**YOUR OBJECTIVE**
From the entries that follow, copy exactly the lines beginning at the line holding "pose proof (Hgap n); pose proof (pow3_pos" and continuing through the line holding "in HN; [|lra].".

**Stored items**
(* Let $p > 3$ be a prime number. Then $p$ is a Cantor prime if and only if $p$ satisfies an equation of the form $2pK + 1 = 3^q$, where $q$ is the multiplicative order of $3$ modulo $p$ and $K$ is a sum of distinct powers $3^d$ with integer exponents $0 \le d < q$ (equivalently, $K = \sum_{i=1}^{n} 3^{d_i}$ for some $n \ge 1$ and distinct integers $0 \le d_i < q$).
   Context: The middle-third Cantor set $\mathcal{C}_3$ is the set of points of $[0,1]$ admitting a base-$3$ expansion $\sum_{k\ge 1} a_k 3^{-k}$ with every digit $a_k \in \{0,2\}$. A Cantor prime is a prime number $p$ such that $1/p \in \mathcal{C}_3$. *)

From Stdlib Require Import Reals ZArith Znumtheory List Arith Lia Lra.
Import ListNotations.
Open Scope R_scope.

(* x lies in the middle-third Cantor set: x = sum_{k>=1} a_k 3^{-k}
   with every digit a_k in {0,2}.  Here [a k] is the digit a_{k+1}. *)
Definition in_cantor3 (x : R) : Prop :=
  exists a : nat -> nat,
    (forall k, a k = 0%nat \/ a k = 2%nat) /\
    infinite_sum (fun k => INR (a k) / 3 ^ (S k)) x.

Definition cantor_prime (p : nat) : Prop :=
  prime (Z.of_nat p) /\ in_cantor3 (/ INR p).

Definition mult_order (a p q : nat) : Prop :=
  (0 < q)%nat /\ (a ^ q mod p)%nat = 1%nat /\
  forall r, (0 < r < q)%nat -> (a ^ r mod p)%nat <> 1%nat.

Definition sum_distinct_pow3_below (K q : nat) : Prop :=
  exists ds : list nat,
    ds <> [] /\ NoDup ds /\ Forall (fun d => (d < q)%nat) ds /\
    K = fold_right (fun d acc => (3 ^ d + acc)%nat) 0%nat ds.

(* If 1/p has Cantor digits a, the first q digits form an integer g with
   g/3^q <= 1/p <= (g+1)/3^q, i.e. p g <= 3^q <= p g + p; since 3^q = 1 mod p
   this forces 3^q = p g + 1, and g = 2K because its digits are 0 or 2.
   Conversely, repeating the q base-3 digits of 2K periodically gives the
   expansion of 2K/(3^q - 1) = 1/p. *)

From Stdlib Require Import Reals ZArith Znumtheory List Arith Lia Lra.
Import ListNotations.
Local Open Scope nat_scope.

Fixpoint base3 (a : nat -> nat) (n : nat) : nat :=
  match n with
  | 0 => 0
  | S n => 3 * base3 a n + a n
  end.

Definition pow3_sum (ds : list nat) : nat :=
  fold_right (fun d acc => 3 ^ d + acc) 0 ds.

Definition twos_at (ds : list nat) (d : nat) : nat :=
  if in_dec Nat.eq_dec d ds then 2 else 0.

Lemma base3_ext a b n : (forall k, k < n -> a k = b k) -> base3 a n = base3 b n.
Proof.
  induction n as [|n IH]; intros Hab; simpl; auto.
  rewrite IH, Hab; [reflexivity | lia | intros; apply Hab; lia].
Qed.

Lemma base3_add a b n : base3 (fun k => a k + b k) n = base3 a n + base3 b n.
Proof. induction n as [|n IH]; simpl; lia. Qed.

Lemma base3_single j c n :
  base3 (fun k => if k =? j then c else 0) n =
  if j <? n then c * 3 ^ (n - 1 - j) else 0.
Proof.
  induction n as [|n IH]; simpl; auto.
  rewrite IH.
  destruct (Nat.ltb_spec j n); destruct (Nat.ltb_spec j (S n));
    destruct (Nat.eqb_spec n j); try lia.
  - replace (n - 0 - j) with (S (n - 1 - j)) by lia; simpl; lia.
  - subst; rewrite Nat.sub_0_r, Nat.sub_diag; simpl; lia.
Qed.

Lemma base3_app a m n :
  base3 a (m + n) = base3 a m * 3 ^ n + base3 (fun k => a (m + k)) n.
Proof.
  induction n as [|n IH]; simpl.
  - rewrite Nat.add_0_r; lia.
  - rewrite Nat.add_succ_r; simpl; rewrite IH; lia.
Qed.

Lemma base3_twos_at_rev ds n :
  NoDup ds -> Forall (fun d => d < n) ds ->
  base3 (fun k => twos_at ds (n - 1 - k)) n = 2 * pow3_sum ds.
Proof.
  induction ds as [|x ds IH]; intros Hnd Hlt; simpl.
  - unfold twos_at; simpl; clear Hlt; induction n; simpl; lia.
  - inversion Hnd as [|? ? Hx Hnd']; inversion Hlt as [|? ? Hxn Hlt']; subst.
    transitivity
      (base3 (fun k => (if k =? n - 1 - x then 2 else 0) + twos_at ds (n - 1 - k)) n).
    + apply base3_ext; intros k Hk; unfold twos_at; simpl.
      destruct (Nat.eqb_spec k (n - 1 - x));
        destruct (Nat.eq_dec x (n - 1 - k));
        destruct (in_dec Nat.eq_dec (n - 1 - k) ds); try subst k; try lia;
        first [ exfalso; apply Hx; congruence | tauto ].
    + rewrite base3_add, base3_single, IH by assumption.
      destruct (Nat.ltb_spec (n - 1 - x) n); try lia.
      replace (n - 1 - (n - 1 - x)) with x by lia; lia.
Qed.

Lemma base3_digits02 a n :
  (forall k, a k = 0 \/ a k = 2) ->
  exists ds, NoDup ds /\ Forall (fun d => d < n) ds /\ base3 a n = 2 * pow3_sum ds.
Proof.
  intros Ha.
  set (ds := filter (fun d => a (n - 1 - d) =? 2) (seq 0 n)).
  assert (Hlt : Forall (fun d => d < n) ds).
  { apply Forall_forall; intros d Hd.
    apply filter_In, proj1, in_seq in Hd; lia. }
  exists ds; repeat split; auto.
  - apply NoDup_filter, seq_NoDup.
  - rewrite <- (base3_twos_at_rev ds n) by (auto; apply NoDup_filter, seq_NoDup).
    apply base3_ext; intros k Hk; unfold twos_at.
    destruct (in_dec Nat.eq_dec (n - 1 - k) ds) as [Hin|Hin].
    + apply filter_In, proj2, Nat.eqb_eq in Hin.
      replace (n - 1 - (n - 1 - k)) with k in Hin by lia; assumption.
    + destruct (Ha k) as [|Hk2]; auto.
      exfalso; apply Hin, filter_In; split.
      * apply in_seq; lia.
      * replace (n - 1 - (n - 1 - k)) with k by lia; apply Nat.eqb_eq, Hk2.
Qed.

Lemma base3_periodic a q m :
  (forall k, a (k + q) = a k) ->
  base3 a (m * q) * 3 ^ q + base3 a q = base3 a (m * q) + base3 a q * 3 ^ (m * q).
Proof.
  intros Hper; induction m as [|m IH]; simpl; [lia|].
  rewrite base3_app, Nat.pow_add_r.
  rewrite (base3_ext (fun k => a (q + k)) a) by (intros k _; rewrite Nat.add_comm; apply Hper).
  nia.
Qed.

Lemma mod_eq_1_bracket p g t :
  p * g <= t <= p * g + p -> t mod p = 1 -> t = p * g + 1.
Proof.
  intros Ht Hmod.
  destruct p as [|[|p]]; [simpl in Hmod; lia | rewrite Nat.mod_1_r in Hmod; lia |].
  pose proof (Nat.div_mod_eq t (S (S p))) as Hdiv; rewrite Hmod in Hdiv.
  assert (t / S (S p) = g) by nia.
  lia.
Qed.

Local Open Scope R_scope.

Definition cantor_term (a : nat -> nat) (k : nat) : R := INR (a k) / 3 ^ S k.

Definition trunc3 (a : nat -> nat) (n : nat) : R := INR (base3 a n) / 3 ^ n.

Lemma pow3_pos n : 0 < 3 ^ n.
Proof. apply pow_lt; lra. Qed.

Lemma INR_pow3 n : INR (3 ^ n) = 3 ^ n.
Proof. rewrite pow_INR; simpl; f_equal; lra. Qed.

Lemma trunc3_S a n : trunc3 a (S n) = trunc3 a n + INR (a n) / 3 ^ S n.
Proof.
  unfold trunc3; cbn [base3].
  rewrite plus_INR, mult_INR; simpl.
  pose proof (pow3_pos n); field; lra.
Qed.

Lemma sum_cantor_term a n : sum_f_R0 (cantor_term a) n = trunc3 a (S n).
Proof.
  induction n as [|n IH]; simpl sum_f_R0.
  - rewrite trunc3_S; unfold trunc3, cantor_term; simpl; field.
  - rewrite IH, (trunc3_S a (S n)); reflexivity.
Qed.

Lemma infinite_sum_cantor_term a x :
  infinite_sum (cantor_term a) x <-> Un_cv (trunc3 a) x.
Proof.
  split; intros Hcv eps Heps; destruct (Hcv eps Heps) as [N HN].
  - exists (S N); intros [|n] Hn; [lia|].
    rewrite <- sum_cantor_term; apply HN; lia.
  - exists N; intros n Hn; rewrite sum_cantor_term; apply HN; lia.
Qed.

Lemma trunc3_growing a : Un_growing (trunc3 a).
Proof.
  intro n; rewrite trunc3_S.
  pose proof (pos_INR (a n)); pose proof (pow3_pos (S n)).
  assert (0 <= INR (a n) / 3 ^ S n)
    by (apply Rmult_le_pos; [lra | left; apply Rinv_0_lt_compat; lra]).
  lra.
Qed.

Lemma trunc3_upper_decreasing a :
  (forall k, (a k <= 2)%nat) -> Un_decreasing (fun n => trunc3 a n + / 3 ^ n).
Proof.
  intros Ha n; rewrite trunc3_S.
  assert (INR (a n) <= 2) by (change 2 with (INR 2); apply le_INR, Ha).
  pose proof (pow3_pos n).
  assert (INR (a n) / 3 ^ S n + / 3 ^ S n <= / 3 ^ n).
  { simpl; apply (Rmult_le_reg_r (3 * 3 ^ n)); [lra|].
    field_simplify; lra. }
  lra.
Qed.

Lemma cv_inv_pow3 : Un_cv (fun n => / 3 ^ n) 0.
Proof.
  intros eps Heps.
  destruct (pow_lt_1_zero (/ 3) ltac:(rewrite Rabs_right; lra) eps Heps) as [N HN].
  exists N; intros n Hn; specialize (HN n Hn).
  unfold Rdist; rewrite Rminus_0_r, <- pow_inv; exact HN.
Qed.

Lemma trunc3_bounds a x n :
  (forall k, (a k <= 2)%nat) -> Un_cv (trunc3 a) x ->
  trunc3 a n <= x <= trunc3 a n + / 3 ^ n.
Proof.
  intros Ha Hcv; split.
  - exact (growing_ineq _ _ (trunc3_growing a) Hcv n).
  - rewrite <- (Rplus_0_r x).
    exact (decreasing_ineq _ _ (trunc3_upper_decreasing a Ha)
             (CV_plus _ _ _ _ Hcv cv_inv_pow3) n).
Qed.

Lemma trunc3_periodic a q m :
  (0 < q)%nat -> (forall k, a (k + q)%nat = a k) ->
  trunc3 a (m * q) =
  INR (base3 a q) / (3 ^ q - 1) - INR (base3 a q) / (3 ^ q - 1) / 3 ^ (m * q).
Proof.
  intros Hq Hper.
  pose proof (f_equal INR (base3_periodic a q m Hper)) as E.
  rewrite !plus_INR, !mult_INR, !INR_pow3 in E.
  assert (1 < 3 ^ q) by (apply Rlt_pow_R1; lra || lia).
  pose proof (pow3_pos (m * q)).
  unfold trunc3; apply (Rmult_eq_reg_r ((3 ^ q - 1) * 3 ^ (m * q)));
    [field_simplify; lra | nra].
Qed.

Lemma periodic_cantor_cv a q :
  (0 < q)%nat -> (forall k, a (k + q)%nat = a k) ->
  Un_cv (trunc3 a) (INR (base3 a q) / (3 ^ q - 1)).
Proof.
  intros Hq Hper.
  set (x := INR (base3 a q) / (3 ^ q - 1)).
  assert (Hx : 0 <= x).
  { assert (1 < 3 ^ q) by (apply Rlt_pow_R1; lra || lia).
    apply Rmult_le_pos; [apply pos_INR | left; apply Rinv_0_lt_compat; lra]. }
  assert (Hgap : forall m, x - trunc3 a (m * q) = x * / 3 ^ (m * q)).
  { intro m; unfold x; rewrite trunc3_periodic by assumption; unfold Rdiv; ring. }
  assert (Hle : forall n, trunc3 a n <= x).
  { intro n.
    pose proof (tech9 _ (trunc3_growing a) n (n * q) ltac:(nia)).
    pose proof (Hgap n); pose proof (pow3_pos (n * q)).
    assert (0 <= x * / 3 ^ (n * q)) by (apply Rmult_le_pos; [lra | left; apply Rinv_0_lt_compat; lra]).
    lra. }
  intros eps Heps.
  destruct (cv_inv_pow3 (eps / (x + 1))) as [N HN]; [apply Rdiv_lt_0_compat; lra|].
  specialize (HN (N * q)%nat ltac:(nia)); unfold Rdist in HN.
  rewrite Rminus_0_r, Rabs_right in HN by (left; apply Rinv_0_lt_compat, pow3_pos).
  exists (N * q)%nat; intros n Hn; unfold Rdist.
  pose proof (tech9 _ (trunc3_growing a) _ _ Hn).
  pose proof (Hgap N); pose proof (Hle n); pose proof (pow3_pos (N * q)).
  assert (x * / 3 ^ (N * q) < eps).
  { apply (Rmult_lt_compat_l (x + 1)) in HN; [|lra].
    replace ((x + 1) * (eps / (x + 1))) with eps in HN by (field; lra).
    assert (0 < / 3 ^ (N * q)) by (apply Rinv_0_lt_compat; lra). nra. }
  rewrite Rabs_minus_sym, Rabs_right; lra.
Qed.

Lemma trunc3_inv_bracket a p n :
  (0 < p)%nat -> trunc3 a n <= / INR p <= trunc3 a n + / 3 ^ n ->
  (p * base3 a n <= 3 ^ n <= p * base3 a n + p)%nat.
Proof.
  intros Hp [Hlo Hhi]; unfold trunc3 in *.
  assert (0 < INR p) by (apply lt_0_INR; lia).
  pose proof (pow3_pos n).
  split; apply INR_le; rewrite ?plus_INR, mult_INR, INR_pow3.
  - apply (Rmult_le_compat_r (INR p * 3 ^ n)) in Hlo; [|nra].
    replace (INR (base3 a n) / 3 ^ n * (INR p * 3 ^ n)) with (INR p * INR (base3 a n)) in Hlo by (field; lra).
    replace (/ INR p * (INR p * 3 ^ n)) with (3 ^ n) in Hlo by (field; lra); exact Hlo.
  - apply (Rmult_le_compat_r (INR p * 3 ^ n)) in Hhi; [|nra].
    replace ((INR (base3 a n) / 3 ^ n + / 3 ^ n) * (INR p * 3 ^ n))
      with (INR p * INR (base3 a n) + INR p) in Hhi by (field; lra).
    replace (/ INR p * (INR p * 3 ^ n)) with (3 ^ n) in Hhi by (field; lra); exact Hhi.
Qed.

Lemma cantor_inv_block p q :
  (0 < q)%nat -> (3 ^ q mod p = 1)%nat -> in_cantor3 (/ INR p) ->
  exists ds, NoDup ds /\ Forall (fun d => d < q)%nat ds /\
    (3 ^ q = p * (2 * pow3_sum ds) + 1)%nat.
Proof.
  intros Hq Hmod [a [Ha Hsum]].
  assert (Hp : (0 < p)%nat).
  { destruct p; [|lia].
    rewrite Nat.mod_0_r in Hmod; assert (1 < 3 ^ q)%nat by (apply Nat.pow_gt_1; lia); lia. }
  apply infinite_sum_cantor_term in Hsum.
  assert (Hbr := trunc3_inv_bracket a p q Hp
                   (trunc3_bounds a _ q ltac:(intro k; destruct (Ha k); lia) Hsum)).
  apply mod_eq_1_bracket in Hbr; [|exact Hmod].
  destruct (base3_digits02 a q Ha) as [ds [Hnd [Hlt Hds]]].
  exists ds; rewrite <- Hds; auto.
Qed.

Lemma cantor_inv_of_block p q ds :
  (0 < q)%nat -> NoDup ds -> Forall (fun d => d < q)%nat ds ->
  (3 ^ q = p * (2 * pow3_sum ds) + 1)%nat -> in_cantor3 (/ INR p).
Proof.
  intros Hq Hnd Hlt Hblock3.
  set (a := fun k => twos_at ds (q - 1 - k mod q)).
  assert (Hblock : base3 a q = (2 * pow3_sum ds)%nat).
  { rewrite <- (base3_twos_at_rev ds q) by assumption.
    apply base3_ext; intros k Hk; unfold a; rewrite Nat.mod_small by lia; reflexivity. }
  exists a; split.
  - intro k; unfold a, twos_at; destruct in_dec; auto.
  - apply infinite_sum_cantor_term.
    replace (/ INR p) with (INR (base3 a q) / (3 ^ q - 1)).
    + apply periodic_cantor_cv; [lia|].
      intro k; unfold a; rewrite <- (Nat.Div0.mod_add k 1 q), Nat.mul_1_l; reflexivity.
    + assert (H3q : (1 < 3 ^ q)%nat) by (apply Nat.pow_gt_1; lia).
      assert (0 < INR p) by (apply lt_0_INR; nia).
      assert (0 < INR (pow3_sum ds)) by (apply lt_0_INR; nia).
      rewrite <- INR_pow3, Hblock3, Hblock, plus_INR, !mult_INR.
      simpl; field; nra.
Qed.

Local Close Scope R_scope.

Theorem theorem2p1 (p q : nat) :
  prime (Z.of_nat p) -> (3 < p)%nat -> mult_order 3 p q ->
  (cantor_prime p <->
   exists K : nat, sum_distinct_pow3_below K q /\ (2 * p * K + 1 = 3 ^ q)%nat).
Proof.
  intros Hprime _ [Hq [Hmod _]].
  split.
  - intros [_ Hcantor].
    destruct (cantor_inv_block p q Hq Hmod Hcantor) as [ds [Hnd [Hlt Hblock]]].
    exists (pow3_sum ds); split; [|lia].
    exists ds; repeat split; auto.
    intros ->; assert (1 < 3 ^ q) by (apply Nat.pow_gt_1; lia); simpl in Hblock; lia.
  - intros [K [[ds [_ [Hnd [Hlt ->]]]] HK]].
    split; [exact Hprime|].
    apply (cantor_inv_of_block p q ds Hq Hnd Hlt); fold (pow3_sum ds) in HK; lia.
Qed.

**RESULT OF THIS EXERCISE**
    pose proof (Hgap n); pose proof (pow3_pos (n * q)).
    assert (0 <= x * / 3 ^ (n * q)) by (apply Rmult_le_pos; [lra | left; apply Rinv_0_lt_compat; lra]).
    lra. }
  intros eps Heps.
  destruct (cv_inv_pow3 (eps / (x + 1))) as [N HN]; [apply Rdiv_lt_0_compat; lra|].
  specialize (HN (N * q)%nat ltac:(nia)); unfold Rdist in HN.
  rewrite Rminus_0_r, Rabs_right in HN by (left; apply Rinv_0_lt_compat, pow3_pos).
  exists (N * q)%nat; intros n Hn; unfold Rdist.
  pose proof (tech9 _ (trunc3_growing a) _ _ Hn).
  pose proof (Hgap N); pose proof (Hle n); pose proof (pow3_pos (N * q)).
  assert (x * / 3 ^ (N * q) < eps).
  { apply (Rmult_lt_compat_l (x + 1)) in HN; [|lra].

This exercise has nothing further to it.